Kinshasa : l’éclairage public en panne, la société civile exige la suspension de la redevance

Face à la montée de l’insécurité nocturne dans plusieurs quartiers de Kinshasa, la Nouvelle Société Civile Congolaise hausse le ton. Elle réclame la suspension de la redevance d’éclairage public dans les zones plongées dans le noir et exige plus de transparence dans la gestion des fonds collectés.

Une capitale plongée dans l’obscurité

À Kinshasa, la question de l’éclairage public revient au centre des préoccupations. Dans plusieurs quartiers, les habitants sont contraints de circuler dans l’obscurité une fois la nuit tombée.

Pour la Nouvelle Société Civile Congolaise, cette situation expose davantage la population à l’insécurité. Les femmes, les petits commerçants, les vendeurs de nuit et les travailleurs qui rentrent tard figurent parmi les plus vulnérables.

Selon l’organisation, l’absence d’éclairage favorise les agressions, les vols et le sentiment d’abandon dans certains coins de la capitale.

Une redevance contestée par la société civile

Au cœur des critiques se trouve la redevance d’éclairage public. Cette somme est prélevée mensuellement sur les factures d’électricité, alors que le service attendu reste absent dans plusieurs zones.

Pour la NSCC, il est difficile de justifier le maintien de cette charge lorsque les résultats ne sont pas visibles sur le terrain. L’organisation dénonce un manque de transparence dans la perception, le transfert et l’utilisation des fonds.

Son coordonnateur, Jonas Tshiombela, estime que la population paie pour un service qui n’est pas assuré de manière effective.

Un enjeu direct de sécurité publique

Pour la société civile, l’éclairage public ne relève pas du confort urbain. Il s’agit d’un véritable outil de sécurité.

Dans les zones non éclairées, les déplacements deviennent plus risqués. Les actes de banditisme se multiplient plus facilement, surtout dans les quartiers populaires, les marchés, les arrêts de transport et les avenues secondaires.

La NSCC considère donc que chaque rue plongée dans le noir traduit une défaillance du service public et renforce la défiance des citoyens envers les institutions.

La NSCC exige un audit indépendant

Face à cette situation, la Nouvelle Société Civile Congolaise demande la suspension immédiate de la redevance dans les quartiers non desservis.

Elle réclame également un audit indépendant du mécanisme de gestion des fonds liés à l’éclairage public. L’organisation souhaite que les autorités publient régulièrement les recettes collectées, les montants investis et les zones réellement couvertes par les travaux.

Pour la NSCC, la transparence est devenue indispensable pour rétablir la confiance entre la population et les autorités.

Les élus appelés à jouer leur rôle de contrôle

La société civile interpelle aussi les élus nationaux et provinciaux. Elle leur demande d’exercer pleinement leur mission de contrôle sur la gestion de cette redevance.

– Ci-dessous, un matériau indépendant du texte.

Definition ccontinuous h :=
  continuous (fun t => Re (h t)) /\ continuous (fun t => Im (h t)).

Lemma ccontinuousD h1 h2 : ccontinuous h1 -> ccontinuous h2 ->
  ccontinuous (fun t => h1 t + h2 t).
Proof.
move=> [r1 i1] [r2 i2]; split.
  have -> : (fun t => Re (h1 t + h2 t)) = (fun t => Re (h1 t) + Re (h2 t)).
    by apply/funext => t; rewrite ReD.
  by move=> t; exact: continuousD (r1 t) (r2 t).
have -> : (fun t => Im (h1 t + h2 t)) = (fun t => Im (h1 t) + Im (h2 t)).
  by apply/funext => t; rewrite ImD.
by move=> t; exact: continuousD (i1 t) (i2 t).
Qed.

Lemma ccontinuousM h1 h2 : ccontinuous h1 -> ccontinuous h2 ->
  ccontinuous (fun t => h1 t * h2 t).
Proof.
move=> [r1 i1] [r2 i2]; split.
  have -> : (fun t => Re (h1 t * h2 t)) =
      (fun t => Re (h1 t) * Re (h2 t) - Im (h1 t) * Im (h2 t)).
    by apply/funext => t; rewrite ReM.
  move=> t.
  exact: continuousB (continuousM (r1 t) (r2 t)) (continuousM (i1 t) (i2 t)).
have -> : (fun t => Im (h1 t * h2 t)) =
    (fun t => Re (h1 t) * Im (h2 t) + Im (h1 t) * Re (h2 t)).
  by apply/funext => t; rewrite ImM.
move=> t.
exact: continuousD (continuousM (r1 t) (i2 t)) (continuousM (i1 t) (r2 t)).
Qed.

Lemma ccontinuous_cst c : ccontinuous (fun _ => c).
Proof. by split; apply: cst_continuous. Qed.

Lemma ccontinuous_cis_mull r : ccontinuous (fun t => cis (r * t)).
Proof. by split; [exact: continuous_cos_mull | exact: continuous_sin_mull]. Qed.

Lemma ccontinuous_sum n (h : nat -> R -> C) : (forall m, ccontinuous (h m)) ->
  ccontinuous (fun t => \sum_(m < n) h m t).
Proof.
move=> hc; elim: n => [|n IH].
  have -> : (fun t => \sum_(m < 0) h m t) = (fun _ => 0).
    by apply/funext => t; rewrite big_ord0.
  exact: ccontinuous_cst.
have -> : (fun t => \sum_(m < n.+1) h m t) =
    (fun t => \sum_(m < n) h m t + h n t).
  by apply/funext => t; rewrite big_ord_recr.
exact: ccontinuousD.
Qed.

Lemma cintD h1 h2 : ccontinuous h1 -> ccontinuous h2 ->
  cint (fun t => h1 t + h2 t) = cint h1 + cint h2.
Proof.
move=> [r1 i1] [r2 i2]; rewrite /cint.
under eq_Rintegral do rewrite ReD.
under [X in (_ +i* X)%C]eq_Rintegral do rewrite ImD.
rewrite !RintegralD //;
  exact: continuous_integrable_Iv || exact: measurable_Iv.
Qed.

Lemma cintZ c h : ccontinuous h -> cint (fun t => c * h t) = c * cint h.
Proof.
move=> [rh ih].
have cZ (u : R -> R) a : continuous u ->
    mu.-integrable (@Iv R) (EFin \o (fun t => a * u t)).
  move=> cu; apply: continuous_integrable_Iv => t.
  exact: continuousM (@cst_continuous _ _ a t) (cu t).
rewrite /cint.
under eq_Rintegral do rewrite ReM.
under [X in (_ +i* X)%C]eq_Rintegral do rewrite ImM.
rewrite RintegralB ?RintegralD ?cZ //; try exact: measurable_Iv.
rewrite !RintegralZl //;
  try exact: measurable_Iv; try exact: continuous_integrable_Iv.
by case: c.
Qed.

Lemma cint_sum n (h : nat -> R -> C) : (forall m, ccontinuous (h m)) ->
  cint (fun t => \sum_(m < n) h m t) = \sum_(m < n) cint (h m).
Proof.
move=> hc; elim: n => [|n IH].
  rewrite big_ord0 /cint.
  under eq_Rintegral do rewrite big_ord0.
  under [X in (_ +i* X)%C]eq_Rintegral do rewrite big_ord0.
  by rewrite /= Rintegral_cst ?mul0r //; exact: measurable_Iv.
rewrite big_ord_recr /= -IH -cintD; last exact: hc; last exact: ccontinuous_sum.
by congr cint; apply/funext => t; rewrite big_ord_recr.
Qed.

Lemma cint_cis_orthogonal (c : C) (m k : nat) :
  cint (fun t => c * cis ((m%:R - k%:R) * t)) =
  if m == k then c * ofR (2 * pi) else 0.
Proof.
rewrite cintZ; last exact: ccontinuous_cis_mull.
case: eqP => [->|/eqP mk].
  rewrite /cint /=; under eq_Rintegral do rewrite subrr mul0r cos0.
  under [X in (_ +i* X)%C]eq_Rintegral do rewrite subrr mul0r sin0.
  rewrite /= !Rintegral_cst; try exact: measurable_Iv.
  rewrite [fine _](_ : _ = 2 * pi) ?mul1r ?mul0r //.
  exact: (congr1 fine lebesgue_measure_Iv).
have mk0 : m%:R - k%:R != 0 :> R by rewrite subr_eq0 eqr_nat.
rewrite /cint /= Rintegral_Iv_cos_mull ?Rintegral_Iv_sin_mull ?mulr0 //.
- by rewrite mulrBl cosB !sin_nat_mul2pi !cos_nat_mul2pi !mulr0 mulr1 addr0.
- by rewrite mulrBl sinB !sin_nat_mul2pi !cos_nat_mul2pi !mul0r !mulr0 subrr.
Qed.

End ComplexIntegral.

Section CauchyCoefficientFormula.
Context {R : realType}.
Local Notation C := R[i].
Local Notation mu := (@lebesgue_measure R).
Local Notation Re := complex.Re.
Local Notation Im := complex.Im.
Implicit Types (z : C).

Lemma cvg0_eventually_lt {u : nat -> R} {e : R} : u @ \oo --> 0 -> 0 < e ->
  exists N, forall n, (N <= n)%N -> `|u n| < e.
Proof.
move=> /cvgrPdist_lt h e0; have [N _ HN] := h e e0.
by exists N => n Nn; have := HN n Nn; rewrite sub0r normrN.
Qed.

Lemma ccvg_Re (u : nat -> C) l : ccvg u l -> (fun n => Re (u n)) @ \oo --> Re l.
Proof.
move=> h; apply/cvgrPdist_lt => e e0; have [N HN] := cvg0_eventually_lt h e0.
exists N => // n /= Nn; have := HN n Nn.
rewrite ger0_norm ?cabs_ge0 // cabsB => H.
by apply: le_lt_trans H; rewrite -ReN -ReD; apply: normr_Re_le.
Qed.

Selon elle, le silence des institutions sur cette question alimente la frustration des habitants. La NSCC estime que les autorités doivent désormais fournir des réponses concrètes, avec des délais précis et des résultats visibles.

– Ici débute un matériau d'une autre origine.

Lemma lowerband_mulE m n p (X : 'M[A]_(m, n)) (Y : 'M[A]_(n, p)) s t w v i b k :
  lowerband X s w -> lowerband Y t v ->
  (i + s = b + w)%N -> (b + t = k + v)%N ->
  mxnat (X *m Y) i k = mxnat X i b * mxnat Y b k.
Proof.
move=> X0 Y0 ib bk; rewrite mxnat_mul.
rewrite (@sum_ord_supp1 _ _ b (fun b' => mxnat X i b' * mxnat Y b' k)) => [|b' b'b].
  by case: ltnP => // nb; rewrite mxnat_out ?nb ?orbT ?mul0r.
have [b'_lt|b'_gt] := ltnP b' b; first by rewrite Y0 ?mulr0 //; lia.
by rewrite X0 ?mul0r //; move: b'b; rewrite neq_ltn; lia.
Qed.

Definition Mshape m (X : 'M[A]_(m, m.+1)) :=
  forall (i : 'I_m) (k : 'I_m.+1),
    ((k : nat) == i.+1 -> X i k = 1) /\ ((i.+1 < k)%N -> X i k = 0).

Definition Nshape m (X : 'M[A]_(m.+1, m)) :=
  forall (i : 'I_m.+1) (k : 'I_m),
    ((k : nat) == i -> X i k = 1) /\ ((i < k)%N -> X i k = 0).

Section Shapes.
Variable m : nat.

Lemma Mshape_lowerband (X : 'M[A]_(m, m.+1)) : Mshape X -> lowerband X 1 0.
Proof.
move=> sh i k; rewrite addn1 addn0 => ik.
have [Hi|Hi] := ltnP i m; last by rewrite mxnat_out ?Hi.
have [Hk|Hk] := ltnP k m.+1; last by rewrite mxnat_out ?Hk ?orbT.
by rewrite mxnat_in; apply: (proj2 (sh _ _)).
Qed.

Lemma Mshape_superdiag (X : 'M[A]_(m, m.+1)) i :
  Mshape X -> (i < m)%N -> mxnat X i i.+1 = 1.
Proof.
by move=> sh Hi; rewrite (@mxnat_in _ _ X i i.+1 Hi Hi); apply: (proj1 (sh _ _)).
Qed.

Lemma Nshape_lowerband (X : 'M[A]_(m.+1, m)) : Nshape X -> lowerband X 0 0.
Proof.
move=> sh i k; rewrite !addn0 => ik.
have [Hk|Hk] := ltnP k m; last by rewrite mxnat_out ?Hk ?orbT.
have Hi : (i < m.+1)%N by lia.
by rewrite (mxnat_in _ Hi Hk); apply: (proj2 (sh _ _)).
Qed.

Lemma Nshape_diag (X : 'M[A]_(m.+1, m)) i :
  Nshape X -> (i < m)%N -> mxnat X i i = 1.
Proof.
by move=> sh Hi; rewrite (@mxnat_in _ _ X i i (ltnW Hi) Hi); apply: (proj1 (sh _ _)).
Qed.

Lemma Mshape_subr_lowerband (X X' : 'M[A]_(m, m.+1)) :
  Mshape X -> Mshape X' -> lowerband (X - X') 1 1.
Proof.
move=> sh sh' i k; rewrite !addn1 ltnS leq_eqVlt mxnatB => /orP[/eqP <-|ik].
  have [Hi|Hi] := ltnP i m; last by rewrite !mxnat_out ?Hi ?subr0.
  by rewrite !Mshape_superdiag ?subrr.
by rewrite (Mshape_lowerband sh) ?(Mshape_lowerband sh') ?subr0 //; lia.
Qed.

Lemma Nshape_subr_lowerband (X X' : 'M[A]_(m.+1, m)) :
  Nshape X -> Nshape X' -> lowerband (X - X') 0 1.
Proof.
move=> sh sh' i k; rewrite addn0 addn1 ltnS leq_eqVlt mxnatB => /orP[/eqP ->|ik].
  have [Hk|Hk] := ltnP k m; last by rewrite !mxnat_out ?Hk ?orbT ?subr0.
  by rewrite !Nshape_diag ?subrr.
by rewrite (Nshape_lowerband sh) ?(Nshape_lowerband sh') ?subr0 //; lia.
Qed.

End Shapes.

Lemma Fmx_lowerband n : lowerband (Fmx A n) 0 1.
Proof.
move=> i k; rewrite addn0 addn1 => ik.
have [Hi|Hi] := ltnP i n; last by rewrite mxnat_out ?Hi.
have [Hk|Hk] := ltnP k n; last by rewrite mxnat_out ?Hk ?orbT.
by rewrite mxnat_in mxE; case: eqP => //= ik'; move: ik; rewrite ik' ltnn.
Qed.

Lemma Fmx_subdiag n k : (k.+1 < n)%N ->
  mxnat (Fmx A n) k.+1 k = (k.+1 * (n - k.+1))%:R.
Proof. by move=> Hk; rewrite (mxnat_in _ Hk (ltnW Hk)) mxE eqxx. Qed.

Lemma mulmx_subr_split m n p (X X' : 'M[A]_(m, n)) (Y Y' : 'M[A]_(n, p)) :
  X *m Y - X' *m Y' = (X - X') *m Y + X' *m (Y - Y').
Proof. by rewrite mulmxBl mulmxBr addrA subrK. Qed.

Section Uniqueness.
Variables (m : nat) (B B' : 'M[A]_(m, m.+1)) (C C' : 'M[A]_(m.+1, m)).
Hypotheses (shB : Mshape B) (shB' : Mshape B') (shC : Nshape C) (shC' : Nshape C').
Hypothesis BC_eq : B *m C = B' *m C'.
Hypothesis CB_comm :
  (C *m B - C' *m B') *m Fmx A m.+1 = Fmx A m.+1 *m (C *m B - C' *m B').

Section DiagonalStep.
Variable w : nat.
Hypotheses (dB_band : lowerband (B - B') 1 w.+1) (dC_band : lowerband (C - C') 0 w.+1).

Let u k := mxnat (B - B') (k + w) k.
Let v k := mxnat (C - C') (k + w).+1 k.
Let x k := mxnat (C *m B - C' *m B') (k + w) k.

Lemma diag_BC k : (k + w < m)%N -> u k + v k = 0.
Proof.
move=> kw; rewrite -(mxnat0 m m (k + w) k) -(subrr (B' *m C')) -{1}BC_eq.
rewrite mulmx_subr_split mxnatD.
rewrite (lowerband_mulE (b := k) dB_band (Nshape_lowerband shC)) ?addn0 //; last by lia.
rewrite (lowerband_mulE (b := (k + w).+1) (Mshape_lowerband shB') dC_band); try lia.
by rewrite Nshape_diag ?Mshape_superdiag ?mulr1 ?mul1r //; lia.
Qed.

Lemma diag_CB k : (k + w <= m)%N -> x k = u k + (if k is k'.+1 then v k' else 0).
Proof.
move=> kw; rewrite /x mulmx_subr_split mxnatD addrC.
rewrite (lowerband_mulE (b := k + w) (Nshape_lowerband shC') dB_band); try lia.
have -> : mxnat C' (k + w) (k + w) * u k = u k.
  have [kw'|mk] := ltnP (k + w) m; first by rewrite Nshape_diag ?mul1r.
  by rewrite /u (mxnat_out (B - B')) ?mk ?mulr0.
congr (_ + _); case: k kw => [|k] kw.
  by rewrite mxnat_mul big1 // => b _; rewrite dC_band ?mul0r //; lia.
rewrite (lowerband_mulE (b := k) dC_band (Mshape_lowerband shB)); try lia.
by rewrite Mshape_superdiag ?mulr1 /v ?addSn //; lia.
Qed.

Lemma diag_rec k : (k + w < m)%N ->
  (k.+1 * (m - k))%:R *: x k.+1 = ((k + w).+1 * (m - (k + w)))%:R *: x k.
Proof.
move=> kw; set D := C *m B - C' *m B'.
have D_band : lowerband D 1 w.+1.
  rewrite /D mulmx_subr_split; apply: lowerbandD.
    by have := lowerband_mul dC_band (Mshape_lowerband shB); rewrite addn0.
  exact: lowerband_mul (Nshape_lowerband shC') dB_band.
have := congr1 (fun X => mxnat X (k + w).+1 k) CB_comm => /=.
rewrite (lowerband_mulE (b := k.+1) D_band (Fmx_lowerband m.+1)); try lia.
rewrite (lowerband_mulE (b := k + w) (Fmx_lowerband m.+1) D_band); try lia.
rewrite !Fmx_subdiag; try lia.
rewrite !subSS => E.
by rewrite !scaler_nat /x addSn -mulr_natr E mulr_natl.
Qed.

Lemma diag_step k : (k + w < m)%N -> u k = 0 /\ v k = 0.
Proof.
have [wm|mw] := ltnP w m; last by lia.
pose n := (m - w)%N.
have v_u j : (j + w < m)%N -> v j = - u j.
  by move=> jw; apply/eqP; rewrite -addr_eq0 addrC diag_BC.
have sum_x : \sum_(j < n.+1) x j = 0.
  rewrite big_ord_recl diag_CB ?addr0 /=; last by lia.
  rewrite (eq_bigr (fun j : 'I_n => u j.+1 - u j)) => [|j _]; last first.
    by rewrite /bump /= add1n diag_CB /= ?v_u //; have := ltn_ord j; lia.
  rewrite -(big_mkord (fun _ => true) (fun j => u j.+1 - u j)) telescope_sumr //.
  by rewrite addrC subrK /u mxnat_out //; apply/orP; left; lia.
have x0 j : (j <= n)%N -> x j = 0.
  apply: (weighted_chain_eq0 (c := fun i => (i.+1 * (m - i))%:R : CC)
             (c' := fun i => ((i + w).+1 * (m - (i + w)))%:R) _ _ sum_x).
    by move=> i lt_in; rewrite !ltr0n !muln_gt0; split; lia.
  by move=> i lt_in; apply: diag_rec; lia.
elim: k => [|k IH] kw.
  have u0 : u 0 = 0 by rewrite -[u 0]addr0 -(diag_CB (ltnW kw)) x0 //; lia.
  by rewrite v_u // u0 oppr0.
have [_ vk] : u k = 0 /\ v k = 0 by apply: IH; lia.
have uk : u k.+1 = 0 by rewrite -[u k.+1]addr0 -vk -diag_CB ?x0 //; lia.
by rewrite v_u // uk oppr0.
Qed.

Une pression citoyenne qui pourrait s’accentuer

Alors que l’insécurité reste une préoccupation majeure à Kinshasa, la question de l’éclairage public pourrait devenir un nouveau front de mobilisation citoyenne.

Pour la NSCC, la population ne peut pas continuer à payer sans constater d’amélioration dans son cadre de vie. Tant que plusieurs quartiers resteront dans le noir, la redevance d’éclairage public continuera d’être perçue comme une charge injuste et opaque.

Dans une capitale aussi vaste que Kinshasa, l’éclairage public demeure un service essentiel. Il touche directement à la sécurité, à la mobilité et à la dignité des habitants.